Instructions to follow:
Print, in exact form, the lines below from the one containing "rewrite RInt_const. apply Rmult_0_r." through the one containing "intros Hpos Hex b1 b2 H1 H12.", and omit all others.

Exercise materials:
=-=-=-=-=

Lemma linegraph_balancedP :
  (forall e f, linegraph r e f -> deg (linegraph r) e = deg (linegraph r) f) <->
  nbr_deg_const r.
Proof.
split=> [balanced x y z ryx ryz | nbr_const e f /andP[_ /set0Pn [y]]].
  have [-> // | xz] := eqVneq x z.
  have adj : linegraph r (ledge_of ryx) (ledge_of ryz).
    apply/andP; split; last by apply/set0Pn; exists y; rewrite !inE eqxx.
    apply: contraNneq xz => /= exz.
    by move: (set22 y x); rewrite exz !inE eq_sym (negbTE (adj_neq r_irr ryx)).
  have := balanced _ _ adj; rewrite !deg_ledge_of.
  have := deg_gt0 ryx; have := deg_gt0 (etrans (r_sym _ _) ryx).
  have := deg_gt0 (etrans (r_sym _ _) ryz).
  by move: (deg r x) (deg r y) (deg r z) => dx dy dz; lia.
rewrite inE => /andP[ye yf].
have [x ryx ex] := edge_at r_sym (valP e) ye.
have [z ryz fz] := edge_at r_sym (valP f) yf.
by rewrite (deg_linegraph ryx ex) (deg_linegraph ryz fz) (nbr_const x y z).
Qed.

End LineGraph.

Section Components.
Variables (V : finType) (r : rel V).

Lemma biregular_on_nbr_deg C x y z : biregular_on r C ->
  x \in C -> y \in C -> z \in C -> r y x -> r y z -> deg r x = deg r z.
Proof.
move=> [A [B [k1 [k2 [_ AB0 sides degA degB]]]]] xC yC zC ryx ryz.
have disj w : w \in A -> w \in B -> False.
  by move=> wA wB; have := in_set0 w; rewrite -AB0 inE wA wB.
case/orP: (sides _ _ yC xC ryx) => /andP[yS xS];
  case/orP: (sides _ _ yC zC ryz) => /andP[yS' zS].
- by rewrite !degB.
- by case: (disj y).
- by case: (disj y).
- by rewrite !degA.
Qed.

Lemma components_nbr_deg_const :
  (forall x, regular_on r (gcomp r x) \/ biregular_on r (gcomp r x)) ->
  nbr_deg_const r.
Proof.
move=> reg_bireg x y z ryx ryz.
have yC : y \in gcomp r y by rewrite inE connect0.
have nbrC w : r y w -> w \in gcomp r y by rewrite inE => /connect1.
case: (reg_bireg y) => [[k degk] | bireg]; first by rewrite !degk ?nbrC.
exact: biregular_on_nbr_deg bireg (nbrC _ ryx) yC (nbrC _ ryz) ryx ryz.
Qed.

Hypotheses (r_sym : symmetric r) (nbr_const : nbr_deg_const r).

Definition deg_pattern y k l := deg r y = k /\ forall z, r y z -> deg r z = l.

Lemma deg_pattern_adj y z k l : deg_pattern y k l -> r y z -> deg_pattern z l k.
Proof.
move=> [degy degnbr] ryz; split; first exact: degnbr.
by move=> w rzw; rewrite (nbr_const rzw (etrans (r_sym _ _) ryz)).
Qed.

Lemma deg_pattern_connect x y k l : deg_pattern x k l -> connect r x y ->
  deg_pattern y k l \/ deg_pattern y l k.
Proof.
move=> px /connectP [p xp ->]; elim: p x k l px xp => [|z p IH] x k l px /=.
  by left.
case/andP=> rxz zp.
by case: (IH z l k (deg_pattern_adj px rxz) zp); [right | left].
Qed.

Lemma deg_pattern_exists x : exists l, deg_pattern x (deg r x) l.
Proof.
case: (pickP (r x)) => [z rxz | no_nbr].
  by exists (deg r z); split=> // w rxw; apply: nbr_const rxw rxz.
by exists 0%N; split=> // w; rewrite no_nbr.
Qed.

Lemma nbr_deg_const_components x :
  regular_on r (gcomp r x) \/ biregular_on r (gcomp r x).
Proof.
have [l px] := deg_pattern_exists x; set k := deg r x in px.
have patC y : connect r x y -> deg_pattern y k l \/ deg_pattern y l k.
  exact: deg_pattern_connect.
have [kl | kl] := eqVneq k l.
  by left; exists k => y; rewrite inE => /patC[[]|[]]; rewrite kl.
right; exists [set y in gcomp r x | deg r y == k], [set y in gcomp r x | deg r y == l].
exists k, l; split.
- apply/setP => y; rewrite !inE; case: (boolP (connect r x y)) => //= xy.
  by case: (patC y xy) => -[-> _]; rewrite eqxx ?orbT.
- apply/setP => y; rewrite !inE andbACA andbb.
  apply/negbTE/negP => /and3P[_ /eqP dk /eqP dl].
  by move: kl; rewrite -dk dl eqxx.
- move=> y z; rewrite !inE => xy xz ryz; rewrite xy xz /=.
  by case: (patC y xy) => -[-> degnbr]; rewrite (degnbr _ ryz) !eqxx ?orbT.
- by move=> y; rewrite inE => /andP[_ /eqP].
- by move=> y; rewrite inE => /andP[_ /eqP].
Qed.

End Components.

Local Open Scope ring_scope.

Theorem corollary3p2 (R : realFieldType) (V : finType) (r : rel V)
    (r_sym : symmetric r) (r_irr : irreflexive r) (r_nt : nontrivial r) :
  harmonic R (linegraph r) <= (#|edges r|)%:R / 2 /\
  (harmonic R (linegraph r) = (#|edges r|)%:R / 2 <->
     (forall x : V, regular_on r (gcomp r x) \/ biregular_on r (gcomp r x))).
Proof.
have lg_no_isolated := linegraph_deg_gt0 r_sym r_irr r_nt.
have := harmonic_le R (@linegraph_sym V r) (@linegraph_irr V r) lg_no_isolated.
have := harmonic_eqP R (@linegraph_sym V r) (@linegraph_irr V r) lg_no_isolated.
rewrite card_ledge linegraph_balancedP // => -> ->; split=> //.
by split; [apply: nbr_deg_const_components | apply: components_nbr_deg_const].
Qed.
(* Let $q$ be an odd prime power, $d\ge 2$ an even integer, and $A\subset\mathbb F_q^d$. Let $\mathcal{SQ}(A)$ and $\mathcal{ZR}(A)$ be the number of pairs $(x,y)\in A\times A$ with $\eta(\|x-y\|)=1$ and with $\eta(\|x-y\|)=0$, respectively. Let $\Omega^+(A)=\sum_{m:\ \eta(\|m\|)=1}|\widehat A(m)|^2$ and $\Omega^-(A)=\sum_{m:\ \eta(\|m\|)=-1}|\widehat A(m)|^2$ (sums over $m\in\mathbb F_q^d$). Then \begin{enumerate} \item $$\mathcal{SQ}(A)+\frac{\mathcal{ZR}(A)}{2}=\frac{|A|^2}{2}+\frac{q^{d-1}G_1^{d+2}}{2}\Omega^+(A)-\frac{q^{d-1}G_1^{d+2}}{2}\Omega^-(A).$$ \item In particular, if $d\equiv 2\pmod 4$, then $$\mathcal{SQ}(A)+\frac{\mathcal{ZR}(A)}{2}=\frac{|A|^2}{2}+\frac{q^{\frac{3d}{2}}}{2}\Omega^+(A)-\frac{q^{\frac{3d}{2}}}{2}\Omega^-(A).$$ \end{enumerate}
   Context: For $x\in\mathbb F_q^d$, $\|x\|=x_1^2+\cdots+x_d^2$. $\eta$ is the quadratic character of $\mathbb F_q$ with $\eta(0)=0$. $\chi$ is the canonical nontrivial additive character of $\mathbb F_q$; $G_1=\sum_{s\in\mathbb F_q^*}\eta(s)\chi(s)$ is the Gauss sum. For $A\subset\mathbb F_q^d$, $\widehat{A}(m)=q^{-d}\sum_{x\in A}\chi(-m\cdot x)$ is the Fourier transform of the indicator function of $A$. *)

From HB Require Import structures.
From mathcomp Require Import all_boot all_order all_algebra algC.
Set Implicit Arguments. Unset Strict Implicit. Unset Printing Implicit Defensive.
Import Order.TTheory GRing.Theory Num.Theory.
Local Open Scope ring_scope.

Section Defs.
Variable F : finFieldType.

(* q = |F|, p = characteristic (smallest prime divisor of q), q = p^n *)
Definition qF : nat := #|F|.
Definition pF : nat := pdiv #|F|.
Definition nF : nat := logn pF #|F|.

(* absolute trace F -> F_p (as an element of F) *)
Definition abs_trace (x : F) : F := \sum_(i < nF) x ^+ (pF ^ i).

(* the natural number k < p with k%:R = Tr x *)
Definition trace_nat (x : F) : nat :=
  \sum_(k < pF | (k%:R : F) == abs_trace x) k.

(* canonical additive character chi(x) = exp(2 pi i Tr(x)/p);
   (pF.-root (-1)) is exp(i pi / p) in algC *)
Definition omegaF : algC := (pF.-root (-1 : algC)) ^+ 2.
Definition chi (x : F) : algC := omegaF ^+ trace_nat x.

Definition eta (x : F) : algC :=
  if x == 0 then 0 else if [exists y : F, y ^+ 2 == x] then 1 else -1.

Definition G1 : algC := \sum_(s : F | s != 0) eta s * chi s.

Variable d : nat.

Definition vnorm (x : 'rV[F]_d) : F := \sum_(i < d) x ord0 i ^+ 2.
Definition vdot (m x : 'rV[F]_d) : F := \sum_(i < d) m ord0 i * x ord0 i.

Definition fhat (A : {set 'rV[F]_d}) (m : 'rV[F]_d) : algC :=
  (qF%:R ^+ d)^-1 * \sum_(x in A) chi (- vdot m x).

Definition SQ (A : {set 'rV[F]_d}) : nat :=
  #|[set xy in setX A A | eta (vnorm (xy.1 - xy.2)) == 1]|.
Definition ZR (A : {set 'rV[F]_d}) : nat :=
  #|[set xy in setX A A | eta (vnorm (xy.1 - xy.2)) == 0]|.

Definition OmegaP (A : {set 'rV[F]_d}) : algC :=
  \sum_(m : 'rV[F]_d | eta (vnorm m) == 1) `|fhat A m| ^+ 2.
Definition OmegaM (A : {set 'rV[F]_d}) : algC :=
  \sum_(m : 'rV[F]_d | eta (vnorm m) == -1) `|fhat A m| ^+ 2.
End Defs.

(* The quadratic Gauss sum G = Σ_s η(s)χ(s) satisfies Σ_s η(s)χ(st) = η(t)G and
   G² = η(-1)q, so η(t) = G⁻¹ Σ_s η(s)χ(st).  Substituting this into the Fourier
   transform of z ↦ η(‖z‖), the inner sums Σ_z χ(s‖z‖ - m·z) split over the d
   coordinates into one-dimensional Gauss sums, evaluated by completing the square;
   for even d the transform is G^d η(-1) η(‖m‖).  Orthogonality of characters then
   gives Σ_{x,y ∈ A} η(‖x - y‖) = q^(d-1) G^(d+2) Σ_m η(‖m‖)|Â(m)|², and
   SQ(A) + ZR(A)/2 is the sum over pairs of the weight (1 + η(‖x - y‖))/2.
   When d ≡ 2 (mod 4), G^(d+2) = (G⁴)^((d+2)/4) = q^((d+2)/2).
   That χ is a character at all rests on the absolute trace taking values in
   the prime field. *)

From Pilot Require Import Defs.
From HB Require Import structures.
From mathcomp Require Import all_boot all_order all_algebra algC.
From mathcomp Require Import finfield ring zify.
Set Implicit Arguments. Unset Strict Implicit. Unset Printing Implicit Defensive.
Import Order.TTheory GRing.Theory Num.Theory.
Local Open Scope ring_scope.

Lemma natr_inj_pchar (R : nzRingType) (p k l : nat) : p \in [pchar R] ->
  (k < p)%N -> (l < p)%N -> k%:R = l%:R :> R -> k = l.
Proof.
move=> charRp; wlog kl : k l / (k <= l)%N => [IH kp lp e|kp lp e].
  by case: (leqP k l) => [/IH|/ltnW/IH]; [apply | move=> H; apply/esym/H].
have : (p %| l - k)%N by rewrite (dvdn_pcharf charRp) natrB // e subrr.
by rewrite /dvdn modn_small; [move/eqP; lia | lia].
Qed.

(* The p distinct elements k%:R, k < p, already exhaust the roots of 'X^p - 'X. *)
Lemma pFrobenius_fixed_nat (R : idomainType) (p : nat) (y : R) :
  p \in [pchar R] -> y ^+ p = y -> exists2 k, (k < p)%N & y = k%:R.
Proof.
move=> charRp yp; have p_gt1 := prime_gt1 (pcharf_prime charRp).
pose s := [seq (k%:R : R) | k <- iota 0 p].
have [/mapP[k + ->]|ys] := boolP (y \in s); first by rewrite mem_iota; exists k.
have P_neq0 : 'X^p - 'X != 0 :> {poly R}.
  by rewrite -size_poly_eq0 size_polyDl ?size_polyXn // size_polyN size_polyX.
suff: (size (y :: s) < size (('X^p - 'X)%R : {poly R}))%N.
  by rewrite size_polyDl ?size_polyXn ?size_polyN ?size_polyX //= size_map size_iota ltnn.
apply: max_poly_roots P_neq0 _ _ => /=.
  rewrite rootE !hornerE yp subrr eqxx /=; apply/allP=> _ /mapP[k _ ->].
  by rewrite rootE !hornerE -(pFrobenius_autE charRp) pFrobenius_aut_nat subrr.
rewrite ys map_inj_in_uniq ?iota_uniq // => k l; rewrite !mem_iota /=.
exact: natr_inj_pchar.
Qed.

Section AbsoluteTrace.
Variable F : finFieldType.
Local Notation p := (pF F).
Local Notation n := (nF F).

Lemma pF_pchar_card : p \in [pchar F] /\ #|F| = (p ^ n)%N.
Proof.
have [p0 p0_prime charFp0] := finPcharP F; have cardF := card_pprimeChar charFp0.
have logn_gt0 : (0 < logn p0 #|F|)%N.
  by rewrite lt0n; apply: contraTneq (finNzRing_gt1 F) => e; rewrite cardF e.
suff pE : p = p0 by rewrite /nF pE.
by rewrite /pF cardF -(prednK logn_gt0) pdiv_pfactor.
Qed.
Lemma is_RInt_gen_inv_sq c :
  is_RInt_gen (fun s => c / s ^ 2) (at_point 1) (Rbar_locally p_infty) c.
Proof.
  apply is_RInt_gen_of_lim with (F := fun b => c - c / b).
  - intros b Hb.
    replace (c - c / b) with (minus ((fun s => - c / s) b) ((fun s => - c / s) 1))
      by (unfold minus, plus, opp; simpl; field; lra).
    apply (is_RInt_derive (fun s => - c / s)).
    + intros x Hx. rewrite Rmin_left in Hx by lra.
      auto_derive; [lra|]. field. lra.
    + intros x Hx. rewrite Rmin_left in Hx by lra.
      apply ex_derive_continuous_R. auto_derive. intros Hx0. nra.
  - assert (Hinv : is_lim (fun b => / b) p_infty 0).
    { change (Finite 0) with (Rbar_inv p_infty).
      apply is_lim_inv; [apply is_lim_id|discriminate]. }
    change (is_lim (fun b => c - c / b) p_infty c).
    apply (is_lim_minus (fun _ => c) (fun b => c * / b) p_infty c (c * 0) c).
    + apply is_lim_const.
    + exact (is_lim_scal_l _ c p_infty 0 Hinv).
    + rewrite Rmult_0_r. unfold is_Rbar_minus, is_Rbar_plus; simpl.
      rewrite Ropp_0, Rplus_0_r. reflexivity.
Qed.

Lemma RInt_zero_fun (f : R -> R) a b :
  (forall s, f s = 0) -> ex_RInt f a b /\ RInt f a b = 0.
Proof.
  intros Hf. split.
  - apply ex_RInt_ext with (f := fun _ => 0); [intros; rewrite Hf; reflexivity|].
    apply ex_RInt_const.
  - rewrite (RInt_ext _ (fun _ => 0)) by (intros; apply Hf).
    rewrite RInt_const. apply Rmult_0_r.
Qed.

Lemma RInt_nonneg_le_mono (g : R -> R) :
  (forall s, 1 <= s -> 0 <= g s) -> (forall b, 1 <= b -> ex_RInt g 1 b) ->
  forall b1 b2, 1 <= b1 -> b1 <= b2 -> RInt g 1 b1 <= RInt g 1 b2.
Proof.
  intros Hpos Hex b1 b2 H1 H12.
  assert (Hex12 : ex_RInt g b1 b2) by (apply (ex_RInt_Chasles_2 g 1); [lra|apply Hex; lra]).
  rewrite <- (RInt_Chasles g 1 b1 b2 (Hex b1 H1) Hex12).
  assert (0 <= RInt g b1 b2) by (apply RInt_ge_0; [lra|exact Hex12|intros; apply Hpos; lra]).
  unfold plus; simpl. lra.
Qed.

(* The improper integral is the supremum of the (nondecreasing) partial integrals. *)
Lemma is_RInt_gen_nonneg_bounded (g : R -> R) (B : R) :
  (forall s, 1 <= s -> 0 <= g s) -> (forall b, 1 <= b -> ex_RInt g 1 b) ->
  (forall b, 1 <= b -> RInt g 1 b <= B) ->
  exists l, 0 <= l /\ is_RInt_gen g (at_point 1) (Rbar_locally p_infty) l.
Proof.
  intros Hpos Hex HB.
  set (E := fun z : R => exists b, 1 <= b /\ z = RInt g 1 b).
  assert (HE1 : E 0) by (exists 1; split; [lra|rewrite RInt_point; reflexivity]).
  destruct (completeness E) as [l [Hub Hlub]].
  { exists B. intros z [b [Hb ->]]. auto. }
  { exists 0. exact HE1. }
  exists l. split; [apply Hub, HE1|].
  apply is_RInt_gen_of_lim with (F := fun b => RInt g 1 b).
  { intros b Hb. apply (RInt_correct (V := R_CompleteNormedModule)), Hex. lra. }
  intros P [eps HP].
  assert (Hclose : exists b0, 1 <= b0 /\ l - eps < RInt g 1 b0).
  { apply Classical_Prop.NNPP. intros Hno.
    assert (l <= l - eps); [|pose proof (cond_pos eps); lra].
    apply Hlub. intros z [b [Hb ->]]. apply Rnot_lt_le. intros Hlt. apply Hno. eauto. }
  destruct Hclose as [b0 [Hb0 Hlt]].
  exists b0. intros x Hx. apply HP.
  assert (RInt g 1 x <= l) by (apply Hub; exists x; split; [lra|reflexivity]).
  pose proof (RInt_nonneg_le_mono g Hpos Hex b0 x Hb0 ltac:(lra)).
  change (Rabs (RInt g 1 x - l) < eps). rewrite Rabs_left1; lra.
Qed.

Lemma ln_one_plus_sq_le k : 0 <= k -> ln (1 + k ^ 2) <= 2 * k.
Proof.
  intros Hk. rewrite <- (ln_exp (2 * k)). apply ln_le; [nra|].
  replace (2 * k) with (k + k) by ring. rewrite exp_plus.
  pose proof (exp_ineq1_le k). nra.
Qed.

(* An antiderivative of [ln (1 + (k s)^2) / s^2] is [- ln (1 + (k s)^2) / s + 2 k atan (k s)]. *)
Lemma RInt_ln_one_plus_sq_le k b : 0 <= k -> 1 <= b ->
  ex_RInt (fun s => ln (1 + (k * s) ^ 2) / s ^ 2) 1 b /\
  RInt (fun s => ln (1 + (k * s) ^ 2) / s ^ 2) 1 b <= 10 * k.
Proof.
  intros Hk Hb.
  set (F := fun s => - ln (1 + (k * s) ^ 2) / s + 2 * k * atan (k * s)).
  assert (HI : is_RInt (fun s => ln (1 + (k * s) ^ 2) / s ^ 2) 1 b (minus (F b) (F 1))).
  { apply (is_RInt_derive F); intros x Hx; rewrite Rmin_left in Hx by lra.
    - unfold F. auto_derive.
      + repeat split; try lra. nra.
      + replace (k * x * (k * x * 1)) with ((k * x) ^ 2) by ring.
        field. pose proof (pow2_ge_0 (k * x)). lra.
    - apply ex_derive_continuous_R. auto_derive. repeat split; nra. }
  split; [eexists; exact HI|].
  rewrite (is_RInt_unique _ _ _ _ HI).
  change (minus (F b) (F 1)) with (F b - F 1). unfold F.
  replace (k * 1) with k by ring.
  pose proof (ln_one_plus_sq_ge0 (k * b)). pose proof (ln_one_plus_sq_le k Hk).
  pose proof (atan_bound (k * b)). pose proof (atan_bound k). pose proof PI_4.
  assert (0 <= ln (1 + (k * b) ^ 2) / b) by (apply Rdiv_le_0_compat; lra).
  assert (2 * k * (atan (k * b) - atan k) <= 2 * k * 4) by (apply Rmult_le_compat_l; lra).
  unfold Rdiv at 2. rewrite Rinv_1. lra.
Qed.

Lemma Rmax0_ln_le x : 0 < x -> Rmax 0 (ln x) <= / 2 * ln (1 + x ^ 2).
Proof.
  intros Hx. pose proof (ln_one_plus_sq_ge0 x). unfold Rmax.
  destruct (Rle_dec 0 (ln x)); [|lra].
  replace (ln x) with (/ 2 * ln (x ^ 2)) by (rewrite Rpower.ln_pow by lra; simpl; field).
  apply Rmult_le_compat_l; [lra|]. apply ln_le; [apply pow_lt; lra|lra].
Qed.

Lemma continuous_Rmax0 y : continuous (fun z => Rmax 0 z) y.
Proof.
  apply continuous_ext with (f := fun z => (z + Rabs z) * / 2).
  - intros z. unfold Rmax, Rabs. destruct (Rle_dec 0 z), (Rcase_abs z); lra.
  - apply (continuous_mult (K := R_AbsRing) (fun z => z + Rabs z)); [|apply continuous_const].
    apply (continuous_plus (V := R_NormedModule) (fun z => z) Rabs);
      [apply continuous_id|apply continuous_Rabs].
Qed.

Lemma continuous_Rmax0_ln t m x : 0 < t -> 0 < m -> 0 < x ->
  continuous (fun s => Rmax 0 (ln (t * s / m))) x.
Proof.
  intros Ht Hm Hx.
  apply (continuous_comp (fun s => ln (t * s / m)) (fun z => Rmax 0 z));
    [|apply continuous_Rmax0].
  apply ex_derive_continuous_R. auto_derive.
  apply Rmult_lt_0_compat; [nra|apply Rinv_0_lt_compat; lra].
Qed.

Lemma RInt_Rmax0_ln_le t m b : 0 < t -> 0 < m -> 1 <= b ->
  ex_RInt (fun s => Rmax 0 (ln (t * s / m)) / s ^ 2) 1 b /\
  RInt (fun s => Rmax 0 (ln (t * s / m)) / s ^ 2) 1 b <= 5 * t / m.
Proof.
  intros Ht Hm Hb.
  set (k := t / m). assert (Hk : 0 <= k) by (apply Rdiv_le_0_compat; lra).
  destruct (RInt_ln_one_plus_sq_le k b Hk Hb) as [Hex Hle].
  set (g := fun s => ln (1 + (k * s) ^ 2) / s ^ 2) in *.
  assert (Hhex : ex_RInt (fun s => Rmax 0 (ln (t * s / m)) / s ^ 2) 1 b).
  { apply (ex_RInt_continuous (V := R_CompleteNormedModule)). intros z Hz.
    rewrite Rmin_left in Hz by lra.
    apply (continuous_mult (K := R_AbsRing) (fun s => Rmax 0 (ln (t * s / m))) (fun s => / s ^ 2)).
    - apply continuous_Rmax0_ln; lra.
    - apply ex_derive_continuous_R. auto_derive. intros Hz0. nra. }
  split; [exact Hhex|].
  apply Rle_trans with (RInt (fun s => / 2 * g s) 1 b).
  - apply RInt_le; [lra|exact Hhex| |].
    + exact (ex_RInt_scal (V := R_NormedModule) g 1 b (/ 2) Hex).
    + intros x Hx. unfold g, Rdiv. rewrite <- Rmult_assoc.
      apply Rmult_le_compat_r; [left; apply Rinv_0_lt_compat, pow_lt; lra|].
      replace (k * x) with (t * x / m) by (unfold k; field; lra).
      apply Rmax0_ln_le. apply Rdiv_lt_0_compat; nra.
  - assert (Hscal : RInt (fun s => / 2 * g s) 1 b = / 2 * RInt g 1 b)
      by exact (RInt_scal (V := R_CompleteNormedModule) g 1 b (/ 2) Hex).
    rewrite Hscal.
    replace (5 * t / m) with (/ 2 * (10 * k)) by (unfold k; field; lra).
    apply Rmult_le_compat_l; lra.
Qed.

Lemma RInt_pos_log_quotient_sum_le mu t K b : (forall i, 0 < mu i) -> 0 < t -> 1 <= b ->
  ex_RInt (fun s => pos_log_quotient_sum mu (t * s) K / s ^ 2) 1 b /\
  RInt (fun s => pos_log_quotient_sum mu (t * s) K / s ^ 2) 1 b
    <= 5 * t * sum_n (fun i => / mu i) K.
Proof.
  intros Hmu Ht Hb. induction K as [|K [Hex Hle]].
  - destruct (RInt_zero_fun (fun s => pos_log_quotient_sum mu (t * s) 0 / s ^ 2) 1 b)
      as [Hex0 ->]; [intros; simpl; unfold Rdiv; ring|].
    split; [exact Hex0|]. rewrite sum_O.
    pose proof (Rinv_0_lt_compat _ (Hmu 0%nat)). nra.
  - set (h := fun s => Rmax 0 (ln (t * s / mu (S K))) / s ^ 2).
    destruct (RInt_Rmax0_ln_le t (mu (S K)) b Ht (Hmu (S K)) Hb) as [Hhex Hhle].
    fold h in Hhex, Hhle.
    assert (Hsplit : forall s, pos_log_quotient_sum mu (t * s) (S K) / s ^ 2
                               = pos_log_quotient_sum mu (t * s) K / s ^ 2 + h s)
      by (intros; unfold h; simpl; unfold Rdiv; ring).
    split.
    + apply ex_RInt_ext with (f := fun s => plus (pos_log_quotient_sum mu (t * s) K / s ^ 2) (h s));
        [intros; rewrite Hsplit; reflexivity|].
      exact (ex_RInt_plus (V := R_NormedModule) _ _ 1 b Hex Hhex).
    + rewrite (RInt_ext _ _ _ _ (fun s _ => Hsplit s)).
      assert (Hplus : RInt (fun s => pos_log_quotient_sum mu (t * s) K / s ^ 2 + h s) 1 b
                      = RInt (fun s => pos_log_quotient_sum mu (t * s) K / s ^ 2) 1 b + RInt h 1 b)
        by exact (RInt_plus (V := R_CompleteNormedModule) _ _ 1 b Hex Hhex).
      rewrite Hplus.
      rewrite sum_Sn.
      change (plus ?a ?b) with (a + b). rewrite Rmult_plus_distr_l. unfold Rdiv in Hhle. lra.
Qed.

Lemma sum_n_le_series (a : nat -> R) (l : R) :
  (forall n, 0 <= a n) -> is_series a l -> forall K, sum_n a K <= l.
Proof.
  intros Ha Hl K. apply (is_lim_seq_incr_compare (sum_n a) l Hl).
  intros n. rewrite sum_Sn. specialize (Ha (S n)). unfold plus; simpl. lra.
Qed.

Section KappaOfWeight.

Variables (N nu : nat -> R).
Hypothesis HN : weight_seq_with N nu.
Hypothesis Hnq : ex_series (fun k => / nu k).

Lemma omega_tilde_eq_pos_sum t b : 0 < t -> exists K, forall s, 1 <= s <= b ->
  omega_tilde N (t * s) = pos_log_quotient_sum nu (t * s) K + ln (1 + (t * s) ^ 2).
Proof.
  intros Ht. destruct (weight_quotient_eventually_ge N nu HN (t * b)) as [K HK].
  exists K. intros s Hs. unfold omega_tilde.
  rewrite (omega_assoc_eq_pos_sum N nu HN (t * s) K) by
    (try nra; intros i Hi; specialize (HK i Hi); nra).
  reflexivity.
Qed.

=-=-=-=-=

Expected answer:
    rewrite RInt_const. apply Rmult_0_r.
Qed.

Lemma RInt_nonneg_le_mono (g : R -> R) :
  (forall s, 1 <= s -> 0 <= g s) -> (forall b, 1 <= b -> ex_RInt g 1 b) ->
  forall b1 b2, 1 <= b1 -> b1 <= b2 -> RInt g 1 b1 <= RInt g 1 b2.
Proof.
  intros Hpos Hex b1 b2 H1 H12.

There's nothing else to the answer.